Aber es gibt auch Hoffnungen: Auf die Frage an die Zwölf: Wollt auch ihr weggehen? antwortet Simon Petrus: Herr, zu wem sollen wir gehen? Du hast Worte des ewigen Lebens. Wir haben geglaubt und erkannt: Du bist der Heilige Gottes.

Neben allem was vielleicht muffig, staubig und überholt erscheint, gibt es viel mehr echte Lebendigkeiten in unserer Gemeinschaft, als wir vielleicht auf den ersten Blick vermuten. Ich höre hier im Krankenhaus die Fragen, die Menschen haben, und ich höre wie sie durch ihr Fragen Kraft gewinnen und wie sie Gott und ihren Glauben als etwas erleben, das in einer Krisenzeit trägt.

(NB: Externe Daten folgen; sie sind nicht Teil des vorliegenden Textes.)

Lemma sumset_opp (B : seq int) k x :
  (x \in sumset [seq - a | a <- B] k) = (- x \in sumset B k).
Proof.
elim: k x => [|k IH] x /=; first by rewrite !inE oppr_eq0.
apply/allpairsP/allpairsP => [[[a s] [/= /mapP[a' Ha' ->] Hs ->]]|[[a s] [/= Ha Hs E]]].
  by exists (a', - s); rewrite /= -IH opprD opprK.
by exists (- a, - s); rewrite /= IH opprK map_f // -[x]opprK E opprD.
Qed.

Definition gen (B : seq int) (n : int) : Prop := exists k, n \in sumset B k.

Lemma gen0 B : gen B 0.
Proof. by exists 0%N; rewrite inE. Qed.

Lemma gen_mem B a : a \in B -> gen B a.
Proof. by move=> Ba; exists 1%N; rewrite -[a]addr0; apply: allpairs_f; rewrite ?inE. Qed.

Lemma gen_add B x y : gen B x -> gen B y -> gen B (x + y).
Proof. by move=> [j Hx] [k Hy]; exists (j + k)%N; apply: sumset_add. Qed.

Lemma gen_mul B (k : nat) x : gen B x -> gen B (k%:Z * x).
Proof.
move=> Hx; elim: k => [|k IH]; first by rewrite mul0r; apply: gen0.
by rewrite intS mulrDl mul1r; apply: gen_add.
Qed.

Lemma prefix_sums_congr (t : seq int) (b : nat) : (0 < b)%N -> (b <= size t)%N ->
  exists i j, [/\ (i < j <= b)%N &
    (b%:Z %| \sum_(x <- take j t) x - \sum_(x <- take i t) x)%Z].
Proof.
move=> b_gt0 b_le.
have bz_neq0 : b%:Z != 0 by lia.
pose res i := ((\sum_(x <- take i t) x) %% b%:Z)%Z.
pose f i := absz (res i).
have res_range i : 0 <= res i < b%:Z by rewrite modz_ge0 ?ltz_mod.
have : ~~ uniq (map f (iota 0 b.+1)).
  apply/negP => f_uniq; suff : (b.+1 <= b)%N by rewrite ltnn.
  rewrite -{1}(size_iota 0 b.+1) -(size_map f) -{2}(size_iota 0 b).
  apply: uniq_leq_size f_uniq _ => _ /mapP[i _ ->].
  by rewrite mem_iota add0n /f; have := res_range i; lia.
case/(uniqPn 0) => i [j [ij]]; rewrite size_map size_iota => j_lt.
rewrite !(nth_map 0) ?size_iota ?nth_iota 1?(ltn_trans ij) // !add0n => fij.
exists i, j; rewrite ij -ltnS j_lt -eqz_mod_dvd; split=> //; apply/eqP.
by move: fij (res_range i) (res_range j); rewrite /f /res; lia.
Qed.

Lemma sum_shorten_mod (t : seq int) (b : nat) : (0 < b)%N ->
  (forall x, x \in t -> 0 <= x) ->
  exists (u : nat) (t' : seq int), [/\ (size t' < b)%N, {subset t' <= t} &
    \sum_(x <- t) x = u%:Z * b%:Z + \sum_(x <- t') x].
Proof.
move=> b_gt0; elim: {t}(size t) {-2}t (leqnn (size t)) => [|n IH] t t_size t_ge0.
  by exists 0%N, t; rewrite mul0r add0r; split => //; lia.
have [small|big] := ltnP (size t) b.
  by exists 0%N, t; rewrite mul0r add0r; split.
have [i [j [/andP[ij jb] dvd_block]]] := prefix_sums_congr b_gt0 big.
pose t1 := take i t ++ drop j t.
have t1_sub : {subset t1 <= t} by move=> x; rewrite mem_cat => /orP[/mem_take|/mem_drop].
have [|u [t' [t'_size t'_sub sum_t1]]] := IH t1 _ (fun x x_t1 => t_ge0 x (t1_sub x x_t1)).
  by rewrite size_cat size_drop size_takel; lia.
set d := \sum_(x <- drop i (take j t)) x.
have sum_take_j : \sum_(x <- take j t) x = \sum_(x <- take i t) x + d.
  by rewrite -{1}(cat_take_drop i (take j t)) take_takel 1?ltnW // big_cat.
rewrite sum_take_j addrC addKr in dvd_block.
have sum_t : \sum_(x <- t) x = \sum_(x <- t1) x + d.
  by rewrite -{1}(cat_take_drop j t) big_cat sum_take_j /t1 big_cat addrAC.
have d_ge0 : 0 <= d by rewrite /d big_seq sumr_ge0 // => x /mem_drop/mem_take/t_ge0.
have [q d_eq] := dvdzP dvd_block.
have q_ge0 : 0 <= q by move: d_ge0; rewrite d_eq pmulr_lge0 //; lia.
exists (u + absz q)%N, t'; split=> //; first by move=> x /t'_sub/t1_sub.
by rewrite sum_t sum_t1 d_eq PoszD gez0_abs //; ring.
Qed.

Lemma sum_range (t : seq int) (lo hi : int) : (forall x, x \in t -> lo <= x <= hi) ->
  (size t)%:Z * lo <= \sum_(x <- t) x <= (size t)%:Z * hi.
Proof.
elim: t => [|a t IH] t_range; first by rewrite big_nil !mul0r lexx.
rewrite big_cons /= intS !mulrDl !mul1r.
have := IH (fun x x_t => t_range x (mem_behead (s := a :: t) x_t)).
have := t_range a (mem_head _ _).
by move=> /andP[? ?] /andP[? ?]; apply/andP; split; apply: lerD.
Qed.

Section Normalized.

Variables (B : seq int) (b : nat).
Hypothesis B_range : forall a, a \in B -> 0 <= a <= b%:Z.
Hypothesis b_gt0 : (0 < b)%N.

Lemma sumset_decomp k n : n \in sumset B k ->
  exists (u : nat) (t : seq int),
    {subset t <= [pred a in B | 0 < a < b%:Z]} /\ n = u%:Z * b%:Z + \sum_(x <- t) x.
Proof.
elim: k n => [|k IH] n /=.
  by rewrite inE => /eqP ->; exists 0%N, [::]; rewrite big_nil mul0r addr0.
move=> /allpairsP[[a s] [/= Ba s_k ->]].
have [u [t [t_sub ->]]] := IH s s_k.
have [->|a_neq0] := eqVneq a 0; first by exists u, t; rewrite add0r.
have [->|a_neqb] := eqVneq a b%:Z; first by exists u.+1, t; split=> //; rewrite intS; ring.
exists u, (a :: t); split; last by rewrite big_cons; ring.
move=> x; rewrite inE => /predU1P[->|/t_sub //].
by rewrite inE Ba /=; move: (B_range Ba) a_neq0 a_neqb; lia.
Qed.

Lemma reduced_repr n : gen B n ->
  exists (u r : nat) (y : int), [/\ (r < b)%N, r%:Z <= y <= r%:Z * (b%:Z - 1),
    y \in sumset B r & n = u%:Z * b%:Z + y].
Proof.
move=> [k /sumset_decomp[u [t [t_sub ->]]]].
have [|u' [t' [t'_size t'_sub ->]]] := @sum_shorten_mod t b b_gt0.
  by move=> x /t_sub; rewrite inE => /andP[_ /andP[/ltW]].
have t'_inner x : x \in t' -> (x \in B) && (0 < x < b%:Z) by move=> /t'_sub/t_sub.
exists (u + u')%N, (size t'), (\sum_(x <- t') x); split=> //.
- by rewrite -[X in X <= _]mulr1; apply: sum_range => x /t'_inner; lia.
- by apply: sumset_sum => x /t'_inner/andP[].
- by rewrite PoszD; ring.
Qed.

Lemma gen_congr_gcd L : {subset L <= B} ->
  exists s, gen B s /\ (b%:Z %| s - gcd_set L)%Z.
Proof.
have nat_rep z : (b%:Z %| (absz (z %% b%:Z)%Z)%:Z - z)%Z.
  by rewrite gez0_abs ?modz_ge0 // -?eqz_mod_dvd ?modz_mod //; lia.
elim: L => [|a L IH] L_sub.
  by exists 0; rewrite /gcd_set big_nil subrr dvdz0; split=> //; apply: gen0.
have [s [gen_s dvd_s]] := IH (fun x x_L => L_sub x (mem_behead (s := a :: L) x_L)).
have [u [v uv]] := Bezoutz a (gcd_set L).
pose u' := absz (u %% b%:Z)%Z; pose v' := absz (v %% b%:Z)%Z.
exists (u'%:Z * a + v'%:Z * s); split.
  by apply: gen_add; apply: gen_mul => //; apply/gen_mem/L_sub/mem_head.
rewrite /gcd_set big_cons -/(gcd_set L) -uv.
have -> : u'%:Z * a + v'%:Z * s - (u * a + v * gcd_set L)
        = (u'%:Z - u) * a + (v'%:Z - v) * s + v * (s - gcd_set L) by ring.
by rewrite rpredD ?dvdz_mull // rpredD ?dvdz_mulr ?nat_rep.
Qed.

Lemma frobenius_gen n : b%:Z \in B -> gcd_set B = 1 -> (b%:Z - 1) * (b%:Z - 2) <= n -> gen B n.
Proof.
move=> Bb gcd1 n_ge.
have [s [gen_s]] := @gen_congr_gcd B (fun x x_B => x_B); rewrite gcd1 => /dvdzP[q s_eq].
have n_ge0 : 0 <= n.
  by apply: le_trans n_ge; case: (b) b_gt0 => [|[|b']] // _; nia.
have [u [r [y [r_lt /andP[_ y_le] y_r ns_eq]]]] := reduced_repr (gen_mul (absz n) gen_s).
rewrite gez0_abs // in ns_eq.
have [j n_eq] : exists j, n - y = j * b%:Z.
  have s_eq' : s = q * b%:Z + 1 by rewrite -s_eq subrK.
  exists (u%:Z - n * q).
  have -> : y = n * (q * b%:Z + 1) - u%:Z * b%:Z by rewrite -s_eq' ns_eq; ring.
  ring.
have [j_ge0|j_lt0] := leP 0 j.
  exists (absz j + r)%N; rewrite -(subrK y n) n_eq -[j]gez0_abs //.
  by apply: sumset_add y_r; apply: sumset_mul.
(* j < 0 would force n <= y - b <= r (b - 1) - b < (b - 1) (b - 2). *)
have : r%:Z * (b%:Z - 1) <= (b%:Z - 1) * (b%:Z - 1) by nia.
have : j * b%:Z <= - b%:Z by nia.
nia.
Qed.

Damals wie heute gibt es Krisen, aber ich möchte ein bisschen wie Petrus die Hoffnung nicht fahren lassen, das unser Glaube für viele Menschen der wichtigste Lebensraum ist und die Welt ohne Glaube ärmer und kälter werde. Trotz vieler Schwierigkeiten und Probleme ist die Kirche und auch unsere Gemeinschaft ein Ort, der mich leben und froh sein lässt.